More than 150 billion application programming interface (API) attacks were observed in the wild during 2023 and 2024, according to data released this week by cloud security specialist Akamai, with the growth of artificial intelligence (AI) powered APIs and AI-enabled attacks compounding to create a steadily expanding attack surface.
In its latest State of apps and API security 2025 report, Akamai also said it observed volumes of web-based cyber attacks up by a third over the course of 2024 to 311 billion all told, a pronounced surge that appears to correlate closely to an expansion in the scope of threats arising from AI.
“AI is transforming web and API security, enhancing threat detection but also creating new challenges,” said Rupesh Chokshi, senior vice-president and general manager of Akamai’s Application Security Portfolio. “This report is a must read to understand what’s driving the shift and how defenders can stay ahead with the right mitigation strategies.”
Akamai said the integration of AI tools with core platforms via APIs is “substantially” expanding the attack surface because the vast majority of AI-powered APIs are not only publicly accessible, but tend to rely on inadequate protections, lacking such things as authentication mechanisms, for example. This problem is now also compounded by a growing number of AI-driven attacks.

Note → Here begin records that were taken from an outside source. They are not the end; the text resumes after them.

Lemma vv_circle kp km t x :
  mu kp km * cos t = cos x -> sin t < 0 -> sin x < 0 -> vv kp km (cos t, sin t) = (cos x, sin x).
Proof.
  intros Hcos Ht Hx. unfold vv; cbn [fst snd]. f_equal; [exact Hcos|].
  unfold sgn. destruct (Rlt_dec 0 (sin t)); [lra|]. destruct (Rlt_dec (sin t) 0); [|lra].
  replace (1 - mu kp km ^ 2 * cos t ^ 2) with (sin x)².
  - rewrite sqrt_Rsqr_abs, Rabs_left by exact Hx. ring.
  - pose proof (sin2_cos2 x) as H. rewrite <- Hcos in H. unfold Rsqr in *. nra.
Qed.

Lemma QQ_neq0 kp km a :
  0 < mu kp km -> snd a < 0 -> snd (vv kp km a) < 0 -> QQ kp km a <> 0.
Proof.
  intros Hmu Ha Hv. unfold QQ. apply Rmult_integral_contrapositive_currified.
  - nra.
  - apply Rinv_neq_0_compat. nra.
Qed.

Lemma Shat_acos kp km u :
  0 < kp -> 0 < km -> -1 < u < 1 -> (km < kp -> Rabs u < km / kp) ->
  Shat kp km (cos (2 * PI - acos u), sin (2 * PI - acos u)).
Proof.
  intros Hkp Hkm Hu Hcrit. exists (2 * PI - acos u). split; [|reflexivity].
  unfold theta_c. destruct (Rlt_dec km kp) as [Hlt|Hge].
  - set (w := km / kp).
    assert (Hw : 0 < w < 1).
    { unfold w; split; [apply Rdiv_lt_0_compat; lra|].
      apply Rlt_div_l; lra. }
    specialize (Hcrit Hlt); fold w in Hcrit. apply Rabs_def2 in Hcrit.
    pose proof (acos_bound u). pose proof (acos_bound w). pose proof (acos_bound (- w)).
    assert (acos w < acos u) by (apply cos_decreasing_0; try lra; rewrite !cos_acos; lra).
    assert (acos u < acos (- w)) by (apply cos_decreasing_0; try lra; rewrite !cos_acos; lra).
    rewrite acos_opp in *. lra.
  - pose proof (acos_bound_lt u Hu). lra.
Qed.

Lemma incidence_angle kp km x :
  0 < kp -> 0 < km -> Rabs (x - 3 * (PI / 2)) < Rmin (mu kp km) 1 / 2 ->
  exists a, Shat kp km a /\ vv kp km a = (cos x, sin x) /\ QQ kp km a <> 0.
Proof.
  intros Hkp Hkm Hx.
  set (m := mu kp km) in *.
  assert (Hm : 0 < m) by (apply Rdiv_lt_0_compat; lra).
  assert (Hm_inv : m * / m = 1) by (field; lra).
  pose proof (Rmin_l m 1). pose proof (Rmin_r m 1). pose proof PI2_1.
  assert (Hcx : Rabs (cos x) < Rmin m 1 / 2).
  { replace (cos x) with (sin (x - 3 * (PI / 2)))
      by (rewrite sin_minus, cos_3PI2, sin_3PI2; ring).
    exact (Rle_lt_trans _ _ _ (Rabs_sin_le _) Hx). }
  apply Rabs_def2 in Hx as [Hx_hi Hx_lo], Hcx as [Hcx_hi Hcx_lo].
  assert (Hsx : sin x < 0) by (apply sin_lt_0; lra).
  set (u := cos x / m).
  assert (Hum : u * m = cos x) by (unfold u; field; lra).
  assert (Hu : -1 < u < 1) by (split; nra).
  set (t := 2 * PI - acos u).
  assert (Hct : cos t = u) by (unfold t; rewrite cos_minus, cos_2PI, sin_2PI, cos_acos; lra).
  assert (Hst : sin t < 0).
  { unfold t. rewrite sin_minus, cos_2PI, sin_2PI.
    pose proof (acos_bound_lt u Hu). pose proof (sin_gt_0 (acos u)). lra. }
  assert (Hv : vv kp km (cos t, sin t) = (cos x, sin x)).
  { apply vv_circle; auto. rewrite Hct. fold m. lra. }
  exists (cos t, sin t). split; [|split; [exact Hv|]].
  - apply Shat_acos; auto. intros _.
    replace (km / kp) with (/ m) by (unfold m, mu; field; lra).
    apply Rabs_def1; nra.
  - apply QQ_neq0; auto. now rewrite Hv.
Qed.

For end-users, this means that while security teams are able to enhance web application and API security by enhancing their defensive capabilities with AI-powered automation – for example, by helping to find threats, predict possible breaches and bring down incident response times – AI also helps attacks improve the effectiveness of their attacks by automating web scraping and bringing more dynamic attack methodologies to bear.

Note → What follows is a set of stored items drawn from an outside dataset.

(* Summation by parts for a product of tails:
   [sum_(k >= M) (f k * tail g k + tail f (k+1) * g k) = tail f M * tail g M],
   since the summand is [P k - P (k+1)] for [P k = tail f k * tail g k -> 0]. *)
Lemma Ctail_product f g M : Csummable f -> Csummable g ->
  Cseries (Cmask M (fun k => Cadd (Cmul (f k) (Ctail g k)) (Cmul (Ctail f (S k)) (g k))))
          (Cmul (Ctail f M) (Ctail g M)).
Proof.
  intros Hf Hg. set (P k := Cmul (Ctail f k) (Ctail g k)).
  assert (Hterm : forall k, Cadd (Cmul (f k) (Ctail g k)) (Cmul (Ctail f (S k)) (g k))
                            = Csub (P k) (P (S k))).
  { intros k. unfold P. rewrite (Ctail_succ f k Hf), (Ctail_succ g k Hg). C_ring. }
  destruct Hf as [Hf1 Hf2], Hg as [Hg1 Hg2].
  pose proof (tail_tends_0 _ Hf1). pose proof (tail_tends_0 _ Hg1).
  pose proof (tail_tends_0 _ Hf2). pose proof (tail_tends_0 _ Hg2).
  split.
  - apply infinite_sum_ext with (mask M (fun k => fst (P k) - fst (P (S k)))).
    { intros n. rewrite re_Cmask. unfold mask, re. rewrite Hterm. reflexivity. }
    apply infinite_sum_telescoping_mask. replace 0 with (0 * 0 - 0 * 0) by ring.
    apply CV_minus; apply CV_mult; assumption.
  - apply infinite_sum_ext with (mask M (fun k => snd (P k) - snd (P (S k)))).
    { intros n. rewrite im_Cmask. unfold mask, im. rewrite Hterm. reflexivity. }
    apply infinite_sum_telescoping_mask. replace 0 with (0 * 0 + 0 * 0) by ring.
    apply CV_plus; apply CV_mult; assumption.
Qed.

(** * The convolution of [l^1(N_min)] *)

(* Coefficient formula: [(x*y)(k) = x(k) * sum_(n>=k) y(n) + sum_(m>k) x(m) * y(k)],
   since [min m n = k] iff either [m = k <= n] or [n = k < m]. *)
Lemma l1mul_coeff x y k : Csummable x -> Csummable y ->
  l1mul x y k = Cadd (Cmul (x k) (Ctail y k)) (Cmul (Ctail x (S k)) (y k)).
Proof.
  intros Hx Hy. unfold l1mul. apply Csum_eq.
  assert (Hrow : forall m,
    Cseries (fun n => if Nat.eqb (Nat.min m n) k then Cmul (x m) (y n) else C0)
            (Cadd (if Nat.eqb m k then Cmul (x k) (Ctail y k) else C0)
                  (Cmask (S k) (fun m => Cmul (x m) (y k)) m))).
  { intros m. unfold Cmask. destruct (Nat.lt_total m k) as [Hlt | [<- | Hgt]].
    - apply Cseries_ext with (fun _ => C0); [intros n; destruct_nat_tests; lia || reflexivity|].
      replace (Cadd _ _) with C0 by (destruct_nat_tests; lia || C_ring). apply Cseries_zero.
    - apply Cseries_ext with (fun n => Cmul (x m) (Cmask m y n)).
      { intros n. unfold Cmask. destruct_nat_tests; lia || reflexivity || C_ring. }
      replace (Cadd _ _) with (Cmul (x m) (Ctail y m)) by (destruct_nat_tests; lia || C_ring).
      apply Cseries_mul_l, Ctail_spec, Hy.
    - apply Cseries_ext with (fun n => if Nat.eqb n k then Cmul (x m) (y k) else C0).
      { intros n. destruct_nat_tests; try lia; try reflexivity. do 2 f_equal. lia. }
      replace (Cadd _ _) with (Cmul (x m) (y k)) by (destruct_nat_tests; lia || C_ring).
      apply Cseries_single. }
  apply Cseries_ext with (fun m => Cadd (if Nat.eqb m k then Cmul (x k) (Ctail y k) else C0)
                                         (Cmul (Cmask (S k) x m) (y k))).
  { intros m. rewrite (Csum_eq _ _ (Hrow m)). unfold Cmask.
    destruct_nat_tests; reflexivity || C_ring. }
  apply Cseries_add; [apply Cseries_single | apply Cseries_mul_r, Ctail_spec, Hx].
Qed.

Lemma Ctail_l1mul x y M : Csummable x -> Csummable y ->
  Ctail (l1mul x y) M = Cmul (Ctail x M) (Ctail y M).
Proof.
  intros Hx Hy. apply Ctail_eq.
  eapply Cseries_ext; [|apply (Ctail_product x y M Hx Hy)].
  intros n. unfold Cmask. destruct_nat_tests; [apply l1mul_coeff; assumption | reflexivity].
Qed.

Section WeightedNorm.

Variable omega : nat -> R.
Hypothesis omega_ge_1 : forall n, 1 <= omega n.

Lemma weighted_term_nonneg x n : 0 <= Cnorm (x n) * omega n.
Proof. pose proof (omega_ge_1 n). pose proof (Cnorm_nonneg (x n)). nra. Qed.

Lemma Cnorm_le_weighted x n : Cnorm (x n) <= Cnorm (x n) * omega n.
Proof. pose proof (omega_ge_1 n). pose proof (Cnorm_nonneg (x n)). nra. Qed.

Lemma l1norm_spec x :
  in_l1 omega x -> infinite_sum (fun n => Cnorm (x n) * omega n) (l1norm omega x).
Proof. intros [l H]. unfold l1norm. rewrite (Rsum_eq _ _ H). exact H. Qed.

(* Since [omega >= 1], elements of [l^1_omega] are absolutely summable. *)
Lemma l1_Csummable x : in_l1 omega x -> Csummable x.
Proof.
  intros [l H]. split; apply (summable_dominated _ _ l) with (2 := H); intros n;
    eapply Rle_trans; [apply Cnorm_ge_fst | apply Cnorm_le_weighted
                      | apply Cnorm_ge_snd | apply Cnorm_le_weighted].
Qed.

Lemma Cnorm_Ctail_le x M : in_l1 omega x -> Cnorm (Ctail x M) <= 2 * l1norm omega x.
Proof.
  intros Hx. destruct (l1_Csummable x Hx) as [Hre Him].
  assert (Hmask : forall u, (forall n, Rabs (u n) <= Cnorm (x n)) ->
                   forall n, Rabs (mask M u n) <= Cnorm (x n) * omega n).
  { intros u Hu n. unfold mask. destruct_nat_tests.
    - eapply Rle_trans; [apply Hu | apply Cnorm_le_weighted].
    - rewrite Rabs_R0. apply weighted_term_nonneg. }
  pose proof (infinite_sum_abs_le _ _ _ _ (tail_spec _ M Hre) (l1norm_spec x Hx)
                (Hmask _ (fun n => Cnorm_ge_fst (x n)))).
  pose proof (infinite_sum_abs_le _ _ _ _ (tail_spec _ M Him) (l1norm_spec x Hx)
                (Hmask _ (fun n => Cnorm_ge_snd (x n)))).
  pose proof (Cnorm_le_components (Ctail x M)). cbn [Ctail fst snd] in *. lra.
Qed.

Lemma weighted_coeff_le x N : in_l1 omega x -> Cnorm (x N) * omega N <= l1norm omega x.
Proof.
  intros Hx. apply (term_le_infinite_sum (fun n => Cnorm (x n) * omega n)).
  - apply weighted_term_nonneg.
  - apply l1norm_spec, Hx.
Qed.

End WeightedNorm.

(** * The almost multiplicative maps [T_N] *)

(* [T_N x] is the matrix [[chi(x), omega(N) x(N)], [0, chi(x)]] with [chi] the
   character [x |-> sum_(n > N) x(n)]; the off-diagonal entry is almost a point
   derivation at [chi], with defect [omega(N) x(N) y(N)]. *)
Definition near_mult_map (omega : nat -> R) (N : nat) (x : seqC) : T2 :=
  (Ctail x (S N), Cmul (omega N, 0) (x N)).

Section NearMultMap.

Variable omega : nat -> R.
Hypothesis omega_ge_1 : forall n, 1 <= omega n.
Variable N : nat.

Let T := near_mult_map omega N.

Lemma near_mult_map_linear : is_linear omega T.
Proof.
  split.
  - intros x y Hx Hy. unfold T, near_mult_map, T2add, l1add.
    rewrite Ctail_add by (apply (l1_Csummable omega); assumption).
    f_equal. C_ring.
  - intros c x Hx. unfold T, near_mult_map, T2scal, l1scal.
    rewrite Ctail_mul_l by (apply (l1_Csummable omega); assumption).
    f_equal. C_ring.
Qed.

Lemma near_mult_map_bounded : opnorm_le omega T 3.
Proof.
  intros x Hx. unfold T, near_mult_map, T2norm. cbn [fst snd].
  rewrite Cnorm_mul, Cnorm_real, Rabs_right by (pose proof (omega_ge_1 N); lra).
  pose proof (Cnorm_Ctail_le omega omega_ge_1 x (S N) Hx).
  pose proof (weighted_coeff_le omega omega_ge_1 x N Hx). lra.
Qed.

(* The diagonal is multiplicative, so [T(xy) - T(x)T(y)] is concentrated off the
   diagonal, where it equals [omega(N) x(N) y(N)]. *)
Lemma near_mult_map_defect_formula x y : in_l1 omega x -> in_l1 omega y ->
  T2sub (T (l1mul x y)) (T2mul (T x) (T y)) = (C0, Cmul (omega N, 0) (Cmul (x N) (y N))).
Proof.
  intros Hx Hy. apply l1_Csummable in Hx, Hy; try exact omega_ge_1.
  unfold T, near_mult_map, T2sub, T2mul. cbn [fst snd].
  rewrite Ctail_l1mul, l1mul_coeff, (Ctail_succ y N) by assumption.
  f_equal; C_ring.
Qed.

Lemma near_mult_map_defect : defect_le omega T (/ omega N).
Proof.
  intros x y Hx Hy Hnx Hny. rewrite near_mult_map_defect_formula by assumption.
  unfold T2norm. cbn [fst snd].
  pose proof (omega_ge_1 N).
  rewrite Cnorm_C0, !Cnorm_mul, Cnorm_real, Rabs_right by lra.
  pose proof (weighted_coeff_le omega omega_ge_1 x N Hx).
  pose proof (weighted_coeff_le omega omega_ge_1 y N Hy).
  pose proof (weighted_term_nonneg omega omega_ge_1 x N).
  pose proof (weighted_term_nonneg omega omega_ge_1 y N).
  apply Rmult_le_reg_r with (omega N); [lra|]. rewrite Rinv_l by lra.
  replace ((0 + omega N * (Cnorm (x N) * Cnorm (y N))) * omega N)
    with ((Cnorm (x N) * omega N) * (Cnorm (y N) * omega N)) by ring.
  rewrite <- (Rmult_1_l 1). apply Rmult_le_compat; lra.
Qed.

End NearMultMap.

(** * Distance from multiplicative maps *)

(* An idempotent of [T_2] is diagonal: from [p^2 = p] and [2 p r = r] we get
   [p r = 2 p^2 r = 2 p r], so [p r = 0] and [r = 0]. *)
Lemma T2_idempotent_diagonal (s : T2) : T2mul s s = s -> snd s = C0.
Proof.
  destruct s as [[a b] [c d]]. unfold T2mul, Cmul, Cadd, C0. cbn [fst snd].
  intros E. injection E as Ea Eb Ec Ed.
  assert (Hpr1 : a * c - b * d = 0) by nra.
  assert (Hpr2 : a * d + b * c = 0) by nra.
  f_equal; nra.
Qed.

Definition unit_vec (N : nat) : seqC := fun n => if Nat.eqb n N then (1, 0) else C0.

Lemma unit_vec_l1 omega N : infinite_sum (fun n => Cnorm (unit_vec N n) * omega n) (omega N).
Proof.
  apply infinite_sum_ext with (fun n => if Nat.eqb n N then omega N else 0);
    [|apply infinite_sum_single].
  intros n. unfold unit_vec. destruct_nat_tests; subst.
  - rewrite Cnorm_real, Rabs_R1. ring.
  - rewrite Cnorm_C0. ring.
Qed.

Lemma unit_vec_Ctail N k : Ctail (unit_vec N) k = if Nat.leb k N then (1, 0) else C0.
Proof.
  apply Ctail_eq. destruct_nat_tests.
  - apply Cseries_ext with (unit_vec N); [|apply Cseries_single].
    intros n. unfold Cmask, unit_vec. destruct_nat_tests; lia || reflexivity.
  - apply Cseries_ext with (fun _ => C0); [|apply Cseries_zero].
    intros n. unfold Cmask, unit_vec. destruct_nat_tests; lia || reflexivity.
Qed.

Lemma unit_vec_idempotent N : l1mul (unit_vec N) (unit_vec N) = unit_vec N.
Proof.
  assert (Hsum : Csummable (unit_vec N)).
  { apply (l1_Csummable (fun _ => 1)); [intros; apply Rle_refl|].
    exists 1. apply (unit_vec_l1 (fun _ => 1)). }
  apply functional_extensionality. intros k.
  rewrite l1mul_coeff, !unit_vec_Ctail by assumption.
  unfold unit_vec. destruct_nat_tests; lia || C_ring.
Qed.

(* Every multiplicative [phi] is at distance at least [1] from [T_N]: on [delta_N],
   [phi] has zero off-diagonal entry while [T_N] has [omega N = ||delta_N||]. *)
Lemma near_mult_map_far omega N phi : (forall n, 1 <= omega n) -> is_mult omega phi ->
  omega N <= T2norm (T2sub (near_mult_map omega N (unit_vec N)) (phi (unit_vec N))).
Proof.
  intros Hw [_ [_ Hmult]].
  assert (Hl1 : in_l1 omega (unit_vec N)) by (exists (omega N); apply unit_vec_l1).
  assert (Hdiag : snd (phi (unit_vec N)) = C0).
  { apply T2_idempotent_diagonal. rewrite <- Hmult, unit_vec_idempotent by exact Hl1.
    reflexivity. }
  unfold T2norm, T2sub, near_mult_map. cbn [fst snd]. rewrite Hdiag.
  replace (Csub (Cmul (omega N, 0) (unit_vec N N)) C0) with (omega N, 0)
    by (unfold unit_vec; rewrite Nat.eqb_refl; C_ring).
  rewrite Cnorm_real, Rabs_right by (pose proof (Hw N); lra).
  pose proof (Cnorm_nonneg (Csub (Ctail (unit_vec N) (S N)) (fst (phi (unit_vec N))))). lra.
Qed.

Looking ahead, Akamai said that although AI-driven API management would doubtless continue to evolve, AI-driven attacks would likely remain a significant concern, meaning organisations need to adopt more robust, defence-in-depth security strategies.
Web attacks
Turning to web attacks, Akamai said that it observed a dramatic rise in application layer (aka Layer 7) distributed-denial-of-service (DdoS) attacks targeting both web apps and APIs, with monthly volumes growing from over 500 billion at the start of 2023 to more than a trillion at the end of 2024 – bad bots and the persistence of HTTP-flooding as an attack vector seem to have driven this.
The technology sector was the most frequently targeted vertical for such attacks – more than seven trillion during the period covered by the survey.
Broken out by geography, EMEA was on the receiving end of 2.7 trillion Layer 7 DDoS attacks, 306 billion hitting targets in the UK and 369 billion in Germany.
Akamai said that safeguarding web apps and APIs would continue to be an ever more essential need for organisations. It laid out a number of key actions that security leaders should consider taking:
- To lay down an API security plan incorporating shift-left and DevSecOps techniques to integrate security from initial API design through post-production, paying particular attention to continuous discovery and visibility, authentication, rate limiting and bot mitigation;
- Implement more robust core security measures such as continuous threat monitoring and response, and use API testing tools such as dynamic application security testing (DAST);
- Be proactive against threats, using specialised DDoS protection tools, for example, and paying attention to patch management, access control and network segmentation;
- Act early to mitigate API vulnerabilities, following established guidelines, such as OWASP’s, to help ensure more robust security, and address risks associated with bad coding practice or misconfigurations;
- Pay more attention to ransomware threats, taking advantage of zero-trust architectures, microsegmentation, and the Mitre ATT&CK framework;
- Finally, prepare for AI with defence strategies that include bot defences, AI-powered cyber tools, specialist firewalls and more proactive measures such as continuous assessment and zero trust.